TASK INPUTS:
Lemma sum_cmatl a (f : I -> K) : \sum_b cm a b * f b = csign a * f (partner a).
Proof.
rewrite (bigD1 (partner a)) //= cmatE eqxx big1 ?addr0 // => b /negbTE nb.
by rewrite cmatE nb mul0r.
Qed.

Lemma sum_cmat_cmat a c : \sum_b cm a b * cm b c = - (a == c)%:R.
Proof.
rewrite sum_cmatl cmatE partnerK csign_partner (eq_sym c).
by case: eqP; rewrite ?mulr0 ?oppr0 // mulrN csign_sqr.
Qed.

Lemma sum_cmat_sqr : \sum_a \sum_b cm a b * cm a b = (g + g)%:R.
Proof.
under eq_bigr do rewrite sum_cmatl cmatE eqxx csign_sqr.
by rewrite sumr_const card_ord.
Qed.

Lemma contr_cat p q : ~~ odd (size p) -> ct (p ++ q) = ct p * ct q.
Proof.
move=> /negbTE ev_p; have [n] : exists n, size p = n.*2.
  by exists (size p)./2; rewrite -[LHS]odd_double_half ev_p.
elim: n p {ev_p} => [|n IH] [|a [|b p]] //= => [_|[/IH ->]]; first by rewrite mul1r.
exact: mulrA.
Qed.

Lemma contr_cat_odd p a q :
  odd (size p) -> ct (p ++ a :: q) = ct (p ++ [:: a]) * ct q.
Proof. by move=> odd_p; rewrite -cat1s catA contr_cat // size_cat addn1 /= odd_p. Qed.

Lemma wsum_contr_chain n a b :
  wsum n.*2.+1 (fun v => ct (a :: v) * ct (v ++ [:: b])) = (-1) ^+ n.+1 * (a == b)%:R.
Proof.
elim: n a => [|n IH] a.
  by rewrite /= expr1 mulN1r -sum_cmat_cmat; apply: eq_bigr => c _; rewrite !mulr1.
rewrite doubleS wsumS.
transitivity (\sum_c cm a c * ((-1) ^+ n.+1 * cm c b)).
  apply: eq_bigr => c _; rewrite wsumS -[cm c b](sum_mul_delta (cm c)) !mulr_sumr.
  apply: eq_bigr => d _; rewrite [(-1) ^+ _ * _]mulrCA -IH -!wsumMl.
  by apply: eq_wsum => v _ /=; ring.
under eq_bigr do rewrite mulrCA.
by rewrite -mulr_sumr sum_cmat_cmat [in RHS]exprS mulrN mulN1r mulNr.
Qed.

Lemma sum_chain n a (f : I -> K) :
  \sum_b f b * wsum n.*2.+1 (fun v => ct (a :: v) * ct (v ++ [:: b])) = (-1) ^+ n.+1 * f a.
Proof.
under eq_bigr do rewrite wsum_contr_chain mulrCA eq_sym.
by rewrite -mulr_sumr sum_mul_delta.
Qed.

Lemma sum_chain_rev n a (f : I -> K) :
  \sum_b f b * wsum n.*2.+1 (fun v => ct (b :: v) * ct (v ++ [:: a])) = (-1) ^+ n.+1 * f a.
Proof.
under eq_bigr do rewrite wsum_contr_chain mulrCA.
by rewrite -mulr_sumr sum_mul_delta.
Qed.

Lemma wsum_contr_sqr n : wsum n.*2 (fun v => ct v * ct v) = (g + g)%:R ^+ n.
Proof.
elim: n => [|n IH]; first by rewrite /= mulr1.
rewrite doubleS wsumS exprS -{1}sum_cmat_sqr mulr_suml; apply: eq_bigr => a _.
rewrite wsumS mulr_suml; apply: eq_bigr => b _.
by rewrite -IH -wsumMl; apply: eq_wsum => z _ /=; ring.
Qed.

(** * Homogeneous tensors *)

Definition homog n (x : T) := forall w : W, size w != n -> x w = 0.

Lemma tmul_homogE p (x y : T) w : homog p x ->
  tmul x y w = if (p <= size w)%N then x (take p w) * y (drop p w) else 0.
Proof.
move=> hx; rewrite /tmul; case: leqP => [le_pw|lt_wp].
  rewrite (bigD1 (Ordinal (le_pw : p < (size w).+1)%N)) //= big1 ?addr0 // => k nk.
  rewrite hx ?mul0r // size_takel; last by rewrite -ltnS.
  by apply: contra nk => /eqP k_p; apply/eqP/val_inj.
rewrite big1 // => k _; rewrite hx ?mul0r // size_takel; last by rewrite -ltnS.
by have := ltn_ord k; rewrite neq_ltn; lia.
Qed.

Lemma tmul_homog_cat (x y : T) p q : homog (size p) x -> tmul x y (p ++ q) = x p * y q.
Proof.
by move=> hx; rewrite (tmul_homogE _ _ hx) size_cat leq_addr take_size_cat ?drop_size_cat.
Qed.

Lemma homog_tmul p q (x y : T) : homog p x -> homog q y -> homog (p + q)%N (tmul x y).
Proof.
move=> hx hy w sz_w; rewrite (tmul_homogE _ _ hx); case: ifP => // le_pw.
by rewrite hy ?mulr0 // size_drop; move: sz_w le_pw; lia.
Qed.

Lemma homog_tvec v : homog 1 (tvec v).
Proof. by move=> [|a [|b w]]. Qed.

Lemma homog_tone : homog 0 (@tone K g).
Proof. by move=> [|a w]. Qed.

Lemma homog_tomega : homog 2 (@tomega K g).
Proof. by move=> [|a [|b [|c w]]]. Qed.

Lemma tmul_tone (x : T) w : tmul x (@tone K g) w = x w.
Proof.
rewrite /tmul big_ord_recr /= drop_size take_size /tone eqxx mulr1 big1 ?add0r //.
move=> k _; case: eqP => [/(congr1 size)|]; rewrite ?mulr0 // size_drop /= => /eqP.
by rewrite subn_eq0 leqNgt ltn_ord.
Qed.

Lemma texp_tomegaE n w : texp (@tomega K g) n w = if size w == n.*2 then ct w else 0.
Proof.
elim: n w => [|n IH] w; first by case: w.
rewrite /texp iterS -/(texp _ n) (tmul_homogE _ _ homog_tomega).
case: w => [|a [|b w]] //=; rewrite drop0 take0 IH doubleS !eqSS.
by case: ifP; rewrite ?mulr0.
Qed.

Lemma homog_texp n : homog n.*2 (texp (@tomega K g) n).
Proof. by move=> w /negbTE sz_w; rewrite texp_tomegaE sz_w. Qed.

Fixpoint ptens (fs : seq (vec K g)) (z : W) : K :=
  match fs, z with
  | [::], [::] => 1
  | f :: fs', a :: z' => f a * ptens fs' z'
  | _, _ => 0
  end.

Lemma homog_ptens fs : homog (size fs) (ptens fs).
Proof. by elim: fs => [|f fs IH] [|a z] //= sz_z; rewrite IH ?mulr0. Qed.

Lemma ptens_cat fs1 fs2 z1 z2 : size fs1 = size z1 ->
  ptens (fs1 ++ fs2) (z1 ++ z2) = ptens fs1 z1 * ptens fs2 z2.
Proof.
elim: fs1 z1 => [|f fs IH] [|a z] //= => [_|[/IH ->]]; [exact/esym/mul1r | exact: mulrA].
Qed.

Lemma wsum_ptens_contr fs : wsum (size fs) (fun z => ptens fs z * ct z) = ContV fs.
Proof.
elim: fs {-2}fs (leqnn (size fs)) => [|f fs IH] [|f1 [|f2 r]] //= sz_r; rewrite ?mulr1 //.
  by rewrite big1 // => a _; rewrite !mulr0.
rewrite /Cform mulr_suml; apply: eq_bigr => a _; rewrite mulr_suml; apply: eq_bigr => b _.
rewrite -(IH r); last by move: sz_r; lia.
by rewrite -wsumMl; apply: eq_wsum => z _ /=; ring.
Qed.

Lemma tprod_tvecE (fs : seq (vec K g)) w : tprod [seq tvec f | f <- fs] w = ptens fs w.
Proof.
elim: fs w => [|f fs IH] [|a w] //=; first exact: (tmul_homogE _ _ (homog_tvec f)).
by rewrite -cat1s (@tmul_homog_cat _ _ [:: a]) ?IH //; exact: homog_tvec.
Qed.

Lemma uwordE (u : nat -> vec K g) i j : uword u i j = ptens [seq u k | k <- iota i (j.+1 - i)].
Proof. by apply: functional_extensionality => w; rewrite -tprod_tvecE -map_comp. Qed.

Lemma homog_uword (u : nat -> vec K g) i j : homog (j.+1 - i)%N (uword u i j).
Proof. by rewrite uwordE -[X in homog X _](size_iota i) -(size_map u); exact: homog_ptens. Qed.

End Tensors.

(** * The projection pi *)

Section PiEnds.
Variables (K : fieldType) (g : nat).
Hypotheses (char_K : [pchar K] =i pred0) (g_gt0 : (0 < g)%N).
Local Notation W := (word g).
Local Notation T := (tens K g).
Local Notation cm := (@cmat K g).
Local Notation pmat := (@pmat K g).

(* This is [pi omega_0 = 0]. *)
Lemma pmat_omega a b : \sum_i \sum_j pmat a b i j * cm i j = 0.
Proof.
have nz_2g : (g + g)%:R != 0 :> K by rewrite ((pcharf0P K).1 char_K); lia.
transitivity (\sum_i (\sum_j cm i j * (j == b)%:R) * (i == a)%:R
              - cm a b / (g + g)%:R * \sum_i \sum_j cm i j * cm i j).
  rewrite mulr_sumr -sumrB; apply: eq_bigr => i _.
  rewrite mulr_suml mulr_sumr -sumrB; apply: eq_bigr => j _.
  by rewrite /pmat -mulnb natrM (eq_sym a) (eq_sym b); ring.
by rewrite sum_mul_delta sum_mul_delta sum_cmat_sqr mulfVK ?subrr.
Qed.

Definition pi_null (x : T) := forall w, piEnds x w = 0.

Lemma pi_null_cmat_head (x : T) (y : W -> K) :
  (forall i j z, x [:: i, j & z] = cm i j * y z) -> pi_null x.
Proof.
move=> hx [|a [|b rest]] //=; case: ifP => // _.
move: (take _ rest) (nth a rest (size rest - 2)) (nth a rest (size rest - 1)) => mid c d.
pose G := \sum_k \sum_l pmat c d k l * y (mid ++ [:: k; l]).
transitivity ((\sum_i \sum_j pmat a b i j * cm i j) * G); last by rewrite pmat_omega mul0r.
rewrite mulr_suml; apply: eq_bigr => i _; rewrite mulr_suml; apply: eq_bigr => j _.
rewrite /G mulr_sumr; apply: eq_bigr => k _; rewrite mulr_sumr; apply: eq_bigr => l _.
by rewrite hx; ring.
Qed.

Lemma pi_null_cmat_tail (x : T) (y : W -> K) :
  (forall z i j, x (z ++ [:: i; j]) = cm i j * y z) -> pi_null x.
Proof.
move=> hx [|a [|b rest]] //=; case: ifP => // _.
move: (take _ rest) (nth a rest (size rest - 2)) (nth a rest (size rest - 1)) => mid c d.
apply: big1 => i _; apply: big1 => j _.
transitivity (pmat a b i j * y [:: i, j & mid] * \sum_k \sum_l pmat c d k l * cm k l).
  rewrite mulr_sumr; apply: eq_bigr => k _; rewrite mulr_sumr; apply: eq_bigr => l _.
  by rewrite -[[:: i, j & mid ++ _]]/([:: i, j & mid] ++ [:: k; l]) hx; ring.
by rewrite pmat_omega mulr0.
Qed.

Lemma piEnds_add (x y : T) w : piEnds (tadd x y) w = piEnds x w + piEnds y w.
Proof.
case: w => [|a [|b rest]] /=; rewrite ?addr0 //; case: ifP => _; rewrite ?addr0 //.
rewrite -big_split; apply: eq_bigr => i _; rewrite -big_split; apply: eq_bigr => j _.
rewrite -big_split; apply: eq_bigr => k _; rewrite -big_split; apply: eq_bigr => l _.
exact: mulrDr.
Qed.

Lemma pi_null0 : pi_null (fun _ => 0).
Proof.
case=> [|a [|b rest]] //=; case: ifP => // _.
by do 4!(apply: big1 => ? _); rewrite mulr0.
Qed.

Lemma pi_null_add (x y : T) : pi_null x -> pi_null y -> pi_null (tadd x y).
Proof. by move=> nx ny w; rewrite piEnds_add nx ny addr0. Qed.

Lemma piEnds_tadd_null (x y : T) : pi_null y -> piEnds (tadd x y) = piEnds x.
Proof. by move=> ny; apply: functional_extensionality => w; rewrite piEnds_add ny addr0. Qed.

Lemma pi_null_sum (r : seq nat) (P : pred nat) (F : nat -> T) :
  (forall k, k \in r -> P k -> pi_null (F k)) ->
  pi_null (fun w => \sum_(k <- r | P k) F k w).
Proof.
elim: r => [|k r IH] nullF.
  have -> : (fun w => \sum_(k <- [::] | P k) F k w) = (fun _ => 0).
    by apply: functional_extensionality => v; rewrite big_nil.
  exact: pi_null0.
have -> : (fun w => \sum_(j <- k :: r | P j) F j w) =
    if P k then tadd (F k) (fun w => \sum_(j <- r | P j) F j w)
    else (fun w => \sum_(j <- r | P j) F j w).
  by case: ifP => Pk; apply: functional_extensionality => v; rewrite big_cons Pk.
have {}IH := IH (fun j rj => nullF j (mem_behead (s := k :: r) rj)).
by case: ifP => // Pk; apply: pi_null_add => //; apply: nullF; rewrite ?mem_head.
Qed.

End PiEnds.

(** * Rotation terms *)

Section Rotations.
Variables (K : fieldType) (g : nat) (u : nat -> vec K g) (m l : nat).
Hypotheses (odd_m : odd m) (m_ge5 : (5 <= m)%N) (m_lt_2l : (m < l.*2)%N).
Local Notation I := (idx g).
Local Notation W := (word g).
Local Notation T := (tens K g).
Local Notation cm := (@cmat K g).
Local Notation ct := (@contr K g).
Local Notation us := [seq u k | k <- iota 1 m].

Lemma uword1mE : uword u 1 m = ptens us.
Proof. by rewrite uwordE subn1. Qed.

Lemma homog_uword1m : homog m (uword u 1 m).
Proof. by rewrite uword1mE -[X in homog X](size_iota 1) -(size_map u); exact: homog_ptens. Qed.

Definition uomega n : T := tmul (uword u 1 m) (texp (@tomega K g) n).

Lemma homog_uomega n : homog (m + n.*2) (uomega n).
Proof. by apply: homog_tmul; [exact: homog_uword1m | exact: homog_texp]. Qed.

Lemma uomega_cat n p q : size p = m -> size q = n.*2 -> uomega n (p ++ q) = ptens us p * ct q.
Proof.
move=> sz_p sz_q; rewrite /uomega tmul_homog_cat; last by rewrite sz_p; exact: homog_uword1m.
by rewrite uword1mE texp_tomegaE sz_q eqxx.
Qed.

TASK REQUIREMENTS:
Send back an exact copy of only the lines from the line with "transitivity (\sum_c cm" up to and including the line with "under eq_bigr do rewrite wsum_contr_chain mulrCA." in the data above.

EXERCISE RESULT:
transitivity (\sum_c cm a c * ((-1) ^+ n.+1 * cm c b)).
  apply: eq_bigr => c _; rewrite wsumS -[cm c b](sum_mul_delta (cm c)) !mulr_sumr.
  apply: eq_bigr => d _; rewrite [(-1) ^+ _ * _]mulrCA -IH -!wsumMl.
  by apply: eq_wsum => v _ /=; ring.
under eq_bigr do rewrite mulrCA.
by rewrite -mulr_sumr sum_cmat_cmat [in RHS]exprS mulrN mulN1r mulNr.
Qed.

Lemma sum_chain n a (f : I -> K) :
  \sum_b f b * wsum n.*2.+1 (fun v => ct (a :: v) * ct (v ++ [:: b])) = (-1) ^+ n.+1 * f a.
Proof.
under eq_bigr do rewrite wsum_contr_chain mulrCA eq_sym.
by rewrite -mulr_sumr sum_mul_delta.
Qed.

Lemma sum_chain_rev n a (f : I -> K) :
  \sum_b f b * wsum n.*2.+1 (fun v => ct (b :: v) * ct (v ++ [:: a])) = (-1) ^+ n.+1 * f a.
Proof.
under eq_bigr do rewrite wsum_contr_chain mulrCA.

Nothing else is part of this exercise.